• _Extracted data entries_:
:::::

(* Let $\mathcal{I}\in\mathrm{Ins}(\Omega,\mathcal{H},\mathcal{K})$ and $\mathcal{J}\in\mathrm{Ins}(\Lambda,\mathcal{H},\mathcal{V})$ be instruments and let $\mathcal{I}^C\in\mathrm{Ins}(\Omega,\mathcal{H},\mathcal{H}_A)$ be the complementary instrument of $\mathcal{I}$ relative to any dilation $(\mathcal{H}_A,W,\mathsf{E})$ of $\mathcal{I}$. Then $\mathcal{I}$ and $\mathcal{J}$ are compatible if and only if $\mathcal{J}\preceq\mathcal{I}^C$.
   Context: All Hilbert spaces are finite-dimensional and complex, and all outcome sets are finite. A POVM $\mathsf{E}\in\mathcal{O}(\Omega,\mathcal{H})$ is a map $x\mapsto \mathsf{E}(x)$ from $\Omega$ to positive operators with $\sum_x\mathsf{E}(x)=I$. An instrument $\mathcal{I}\in\mathrm{Ins}(\Omega,\mathcal{H},\mathcal{K})$ is a family $(\mathcal{I}_x)_{x\in\Omega}$ of completely positive trace-nonincreasing linear maps $\mathcal{L}(\mathcal{H})\to\mathcal{L}(\mathcal{K})$ whose sum is trace preserving. A dilation of $\mathcal{I}$ is a triple $(\mathcal{H}_A,W,\mathsf{E})$ with $\mathcal{H}_A$ a Hilbert space, $W:\mathcal{H}\to\mathcal{H}_A\otimes\mathcal{K}$ an isometry and $\mathsf{E}\in\mathcal{O}(\Omega,\mathcal{H}_A)$, such that $\mathcal{I}_x(\varrho)=\mathrm{tr}_{\mathcal{H}_A}[W\varrho W^*(\mathsf{E}(x)\otimes I_{\mathcal{K}})]$ for all $x$ and states $\varrho$. The complementary instrument relative to this dilation is $\mathcal{I}^C\in\mathrm{Ins}(\Omega,\mathcal{H},\mathcal{H}_A)$, $\mathcal{I}^C_x(\varrho)=\mathrm{tr}_{\mathcal{K}}[(\sqrt{\mathsf{E}(x)}\otimes I_{\mathcal{K}})W\varrho W^*(\sqrt{\mathsf{E}(x)}\otimes I_{\mathcal{K}})]$. Postprocessing: for $\mathcal{J}\in\mathrm{Ins}(\Lambda,\mathcal{H},\mathcal{V})$ and $\mathcal{L}\in\mathrm{Ins}(\Gamma,\mathcal{H},\mathcal{W})$, $\mathcal{J}\preceq\mathcal{L}$ if there exist instruments $\mathcal{R}^{(z)}\in\mathrm{Ins}(\Lambda,\mathcal{W},\mathcal{V})$, $z\in\Gamma$, with $\mathcal{J}_y=\sum_z\mathcal{R}^{(z)}_y\circ\mathcal{L}_z$ for all $y$. Two instruments $\mathcal{I}\in\mathrm{Ins}(\Omega,\mathcal{H},\mathcal{K})$, $\mathcal{J}\in\mathrm{Ins}(\Lambda,\mathcal{H},\mathcal{V})$ are compatible if there is $\mathcal{G}\in\mathrm{Ins}(\Omega\times\Lambda,\mathcal{H},\mathcal{K}\otimes\mathcal{V})$ with $\sum_{x}\mathrm{tr}_{\mathcal{K}}[\mathcal{G}_{(x,y)}(\varrho)]=\mathcal{J}_y(\varrho)$ for all $y$ and $\sum_y\mathrm{tr}_{\mathcal{V}}[\mathcal{G}_{(x,y)}(\varrho)]=\mathcal{I}_x(\varrho)$ for all $x$, for all states $\varrho$. *)

From HB Require Import structures.
From mathcomp Require Import all_boot all_order all_algebra.
From mathcomp Require Import sesquilinear spectral.
From mathcomp Require Import mxtens.
From Stdlib Require Import ClassicalEpsilon.
Set Implicit Arguments.
Unset Strict Implicit.
Unset Printing Implicit Defensive.
Import Order.TTheory GRing.Theory Num.Theory.
Local Open Scope ring_scope.
Local Open Scope sesquilinear_scope.

Section Quantum.
Variable C : numClosedFieldType.
Lemma fslice_tblock_gs_decomposition p (j : 'I_K) :
  fslice (tblock Z j) p =
  \sum_(i < K) fslice (gs_R Z) p i j *: fslice (tblock (gs_Q Z) i) p.
Proof.
rewrite -gs_Z_block gs_Z_decomposition //; apply: eq_bigr => i _.
by rewrite fslice_gs_R tblock_gs_Q nth_gs_Qs.
Qed.

Lemma gs_Q_orthonormal : tdiamondT (gs_Q Z) (gs_Q Z) = tid R K n3.
Proof.
apply: fslice_inj => p; rewrite fslice_tid; apply/matrixP => i j.
rewrite fslice_of_tubes !mxE fslice_tinner !tblock_gs_Q mxE eqxx mulr1n.
by apply: gs_Qs_orthonormal; rewrite ?size_gs_Qs.
Qed.

Lemma gs_QR : Z = tprod (gs_Q Z) (tkron (gs_R Z) (tid R s n3)).
Proof.
apply: fslice_inj => p; apply/matrixP => a col; case: (mxtens_indexP col) => j c.
rewrite fslice_tprod fslice_tkron fslice_tid mul_tensmx1.
move/matrixP/(_ a c): (fslice_tblock_gs_decomposition p j).
rewrite fslice_tblock mxE => ->; rewrite summxE; apply: eq_bigr => i _.
by rewrite !mxE fslice_tblock mxE mulrC.
Qed.

End GramSchmidt.

Theorem proposition5 (R : realType) (n s k n3 : nat)
    (Z : tensor R n (k * s) n3) :
  (s < n)%N ->
  gs_completes Z ->
  Z = tprod (gs_Q Z) (tkron (gs_R Z) (tid R s n3)) /\
  tdiamondT (gs_Q Z) (gs_Q Z) = tid R k n3 /\
  upper_tri (gs_R Z).
Proof.
move=> _ gs_ok; split; first exact: gs_QR gs_ok.
by split; [exact: gs_Q_orthonormal gs_ok | exact: gs_R_upper_tri].
Qed.
(* Let $A\in\mathbb{R}^{m\times n}$ with $\operatorname{rank}(A)=m$, $b\in\mathbb{R}^m$, and suppose $\mathcal{F}=\{x\in\mathbb{R}^n: Ax=b,\ x\ge 0\}$ is nonempty with no strictly positive point. Let $y\in\mathbb{R}^m$ satisfy $0\ne z:=A^Ty\ge 0$ and $\langle b,y\rangle=0$, and let $V\in\mathbb{R}^{n\times(n-s_z)}$ be the matrix whose columns are the unit vectors $e_i$ for the indices $i$ with $z_i=0$ (in increasing order), where $s_z=|\{i:z_i>0\}|$. Let $\mathcal{I}_0=\{i\in\{1,\dots,n\}: x_i=0 \text{ for all } x\in\mathcal{F}\}$. Then for every basic feasible solution $\bar x$ of $\mathcal{F}$ with basis $\mathcal{B}$: (1) the degree of degeneracy of $\bar x$ is at least $m-\operatorname{rank}(AV)$; (2) at least $m-\operatorname{rank}(AV)$ of the basic indices in $\mathcal{B}$ belong to $\mathcal{I}_0$.
   Context: Given $\mathcal{B}\subset\{1,\dots,n\}$ with $|\mathcal{B}|=m$, a point $x\in\mathcal{F}$ is a basic feasible solution (with basis $\mathcal{B}$) if $A(:,\mathcal{B})$ (columns of $A$ indexed by $\mathcal{B}$) is nonsingular and $x_i=0$ for all $i\notin\mathcal{B}$. The degree of degeneracy of a basic feasible solution $\bar x$ with basis $\mathcal{B}$ is the number of indices $i\in\mathcal{B}$ with $\bar x_i=0$. Such a $y$ exists whenever strict feasibility fails, and $\mathcal{F}=\{Vv: AVv=b,\ v\ge 0\}$. *)

From HB Require Import structures.
From mathcomp Require Import all_boot all_order all_algebra.
Set Implicit Arguments. Unset Strict Implicit. Unset Printing Implicit Defensive.
Import Order.TTheory GRing.Theory Num.Theory.
Local Open Scope ring_scope.

(* Vectors in R^k are column vectors 'cV[R]_k; indices are 'I_n = {0,...,n-1}. *)

Definition feasible (R : realFieldType) m n (A : 'M[R]_(m, n)) (b : 'cV[R]_m)
  (x : 'cV[R]_n) : Prop :=
  A *m x = b /\ forall i, 0 <= x i 0.

(* A(:, B): the columns of A indexed by B (in increasing order). *)
Definition colsB (R : realFieldType) m n (A : 'M[R]_(m, n)) (B : {set 'I_n}) :
  'M[R]_(m, #|B|) := colsub (fun j : 'I_#|B| => enum_val j) A.

Definition basic_feasible (R : realFieldType) m n (A : 'M[R]_(m, n))
  (b : 'cV[R]_m) (x : 'cV[R]_n) (B : {set 'I_n}) : Prop :=
  [/\ feasible A b x, #|B| = m, \rank (colsB A B) = m
    & forall i, i \notin B -> x i 0 = 0].

Definition degeneracy n (R : realFieldType) (x : 'cV[R]_n) (B : {set 'I_n}) : nat :=
  #|[set i in B | x i 0 == 0]|.

Definition zeroset (R : realFieldType) n (z : 'cV[R]_n) : {set 'I_n} :=
  [set i | z i 0 == 0].

Definition Vmat (R : realFieldType) n (z : 'cV[R]_n) :
  'M[R]_(n, #|zeroset z|) :=
  \matrix_(i < n, j < #|zeroset z|) (i == enum_val j)%:R.

Definition in_I0 (R : realFieldType) m n (A : 'M[R]_(m, n)) (b : 'cV[R]_m)
  (i : 'I_n) : Prop :=
  forall x, feasible A b x -> x i 0 = 0.

From HB Require Import structures.
From mathcomp Require Import all_boot all_order all_algebra.
Set Implicit Arguments. Unset Strict Implicit. Unset Printing Implicit Defensive.
Import Order.TTheory GRing.Theory Num.Theory.
Local Open Scope ring_scope.

(* If z = A^T y >= 0 and <b, y> = 0, then <z, x> = <y, A x> = <y, b> = 0 for
   every feasible x, so x vanishes on the support of z: the support of z lies
   in I_0. Since A V is the submatrix of A formed by the columns outside that
   support, the m independent columns of A(:, B) consist of at most rank(A V)
   independent ones outside the support and the remaining ones, at least
   m - rank(A V), inside it; these basic indices lie in I_0, so the basic
   solution vanishes there. *)

Section Columns.

Variables (R : realFieldType) (m n : nat) (A : 'M[R]_(m, n)).

Lemma row_tr_colsB (B : {set 'I_n}) (j : 'I_#|B|) :
  row j (colsB A B)^T = (col (enum_val j) A)^T.
Proof. by apply/rowP => k; rewrite !mxE. Qed.

Lemma col_tr_sub_colsB (D : {set 'I_n}) i :
  i \in D -> ((col i A)^T <= (colsB A D)^T)%MS.
Proof.
move=> iD; rewrite -(enum_rankK_in iD iD) -row_tr_colsB; exact: row_sub.
Qed.

Lemma rank_colsB_le (B Z : {set 'I_n}) :
  (\rank (colsB A B) <= \rank (colsB A Z) + #|B :\: Z|)%N.
Proof.
have sub_sum : ((colsB A B)^T <= (colsB A Z)^T + (colsB A (B :\: Z))^T)%MS.
  apply/row_subP => j; rewrite row_tr_colsB.
  have jB := enum_valP j.
  have [jZ | jNZ] := boolP (enum_val j \in Z).
    exact: submx_trans (col_tr_sub_colsB jZ) (addsmxSl _ _).
  apply: submx_trans (col_tr_sub_colsB _) (addsmxSr _ _).
  by rewrite inE jNZ.
rewrite -mxrank_tr; apply: leq_trans (mxrankS sub_sum) _.
apply: leq_trans (mxrank_adds_leqif _ _) _.
by rewrite !mxrank_tr leq_add2l rank_leq_col.
Qed.

End Columns.

Lemma mul_Vmat (R : realFieldType) m n (A : 'M[R]_(m, n)) (z : 'cV[R]_n) :
  A *m Vmat z = colsB A (zeroset z).
Proof.
apply/matrixP => i j; rewrite !mxE (bigD1 (enum_val j)) //= big1 ?addr0.
  by rewrite mxE eqxx mulr1.
by move=> k /negPf kj; rewrite mxE kj mulr0.
Qed.

Lemma nneg_orthogonal_vanish (R : realFieldType) n (z x : 'cV[R]_n) i :
  (forall j, 0 <= z j 0) -> (forall j, 0 <= x j 0) -> (z^T *m x) 0 0 = 0 ->
  z i 0 != 0 -> x i 0 = 0.
Proof.
move=> z_ge0 x_ge0 zx0 zi_neq0.
have zx_ge0 j : xpredT j -> 0 <= z j 0 * x j 0 by rewrite mulr_ge0.
rewrite mxE (eq_bigr (fun j => z j 0 * x j 0)) in zx0; last first.
  by move=> j _; rewrite mxE.
have /eqP := psumr_eq0P zx_ge0 zx0 (i := i) isT.
by rewrite mulf_eq0 (negPf zi_neq0) => /eqP.
Qed.

Lemma support_in_I0 (R : realFieldType) m n (A : 'M[R]_(m, n))
  (b y : 'cV[R]_m) (i : 'I_n) :
  (forall j, 0 <= (A^T *m y) j 0) -> \sum_(k < m) b k 0 * y k 0 = 0 ->
  (A^T *m y) i 0 != 0 -> in_I0 A b i.
Proof.
move=> z_ge0 by0 zi_neq0 x [Ax_b x_ge0].
apply: nneg_orthogonal_vanish z_ge0 x_ge0 _ zi_neq0.
rewrite trmx_mul trmxK -mulmxA Ax_b mxE -[RHS]by0.
by apply: eq_bigr => k _; rewrite mxE mulrC.
Qed.

Lemma card_I0_le_degeneracy (R : realFieldType) m n (A : 'M[R]_(m, n))
  (b : 'cV[R]_m) (x : 'cV[R]_n) (B S : {set 'I_n}) :
  feasible A b x -> S \subset B -> (forall i, i \in S -> in_I0 A b i) ->
  (#|S| <= degeneracy x B)%N.
Proof.
move=> x_feas /subsetP SB S_I0; apply/subset_leq_card/subsetP => i iS.
by rewrite inE SB // (S_I0 i iS x x_feas) eqxx.
Qed.

Theorem mainTheorem7 (R : realFieldType) (m n : nat)
  (A : 'M[R]_(m, n)) (b : 'cV[R]_m) (y : 'cV[R]_m)
  (hrank : \rank A = m)
  (hne : exists x, feasible A b x)
  (hnostrict : ~ exists x, feasible A b x /\ forall i, 0 < x i 0)
  (hz0 : A^T *m y != 0)
  (hzge : forall i, 0 <= (A^T *m y) i 0)
  (hby : \sum_(i < m) b i 0 * y i 0 = 0) :
  forall (xbar : 'cV[R]_n) (B : {set 'I_n}), basic_feasible A b xbar B ->
    ((m - \rank (A *m Vmat (A^T *m y)))%N <= degeneracy xbar B)%N /\
    exists S : {set 'I_n}, [/\ S \subset B,
      ((m - \rank (A *m Vmat (A^T *m y)))%N <= #|S|)%N
      & forall i, i \in S -> in_I0 A b i].
Proof.
move=> xbar B [xbar_feas _ rankB _].
set S := B :\: zeroset (A^T *m y).
have SB : S \subset B by apply: subsetDl.
have S_I0 i : i \in S -> in_I0 A b i.
  by rewrite !inE => /andP[zi _]; exact: support_in_I0.
have S_card : ((m - \rank (A *m Vmat (A^T *m y)))%N <= #|S|)%N.
  by rewrite leq_subLR mul_Vmat -{1}rankB rank_colsB_le.
split; last by exists S.
exact: leq_trans S_card (card_I0_le_degeneracy xbar_feas SB S_I0).
Qed.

:::::

• _PROBLEM DETAILS_:
Print the lines above from the one with "Definition in_I0 (R" through the one with "in I_0. Since", both included, exactly as written and nothing more.

• _EXERCISE RESPONSE_:
Definition in_I0 (R : realFieldType) m n (A : 'M[R]_(m, n)) (b : 'cV[R]_m)
  (i : 'I_n) : Prop :=
  forall x, feasible A b x -> x i 0 = 0.

From HB Require Import structures.
From mathcomp Require Import all_boot all_order all_algebra.
Set Implicit Arguments. Unset Strict Implicit. Unset Printing Implicit Defensive.
Import Order.TTheory GRing.Theory Num.Theory.
Local Open Scope ring_scope.

(* If z = A^T y >= 0 and <b, y> = 0, then <z, x> = <y, A x> = <y, b> = 0 for
   every feasible x, so x vanishes on the support of z: the support of z lies
   in I_0. Since A V is the submatrix of A formed by the columns outside that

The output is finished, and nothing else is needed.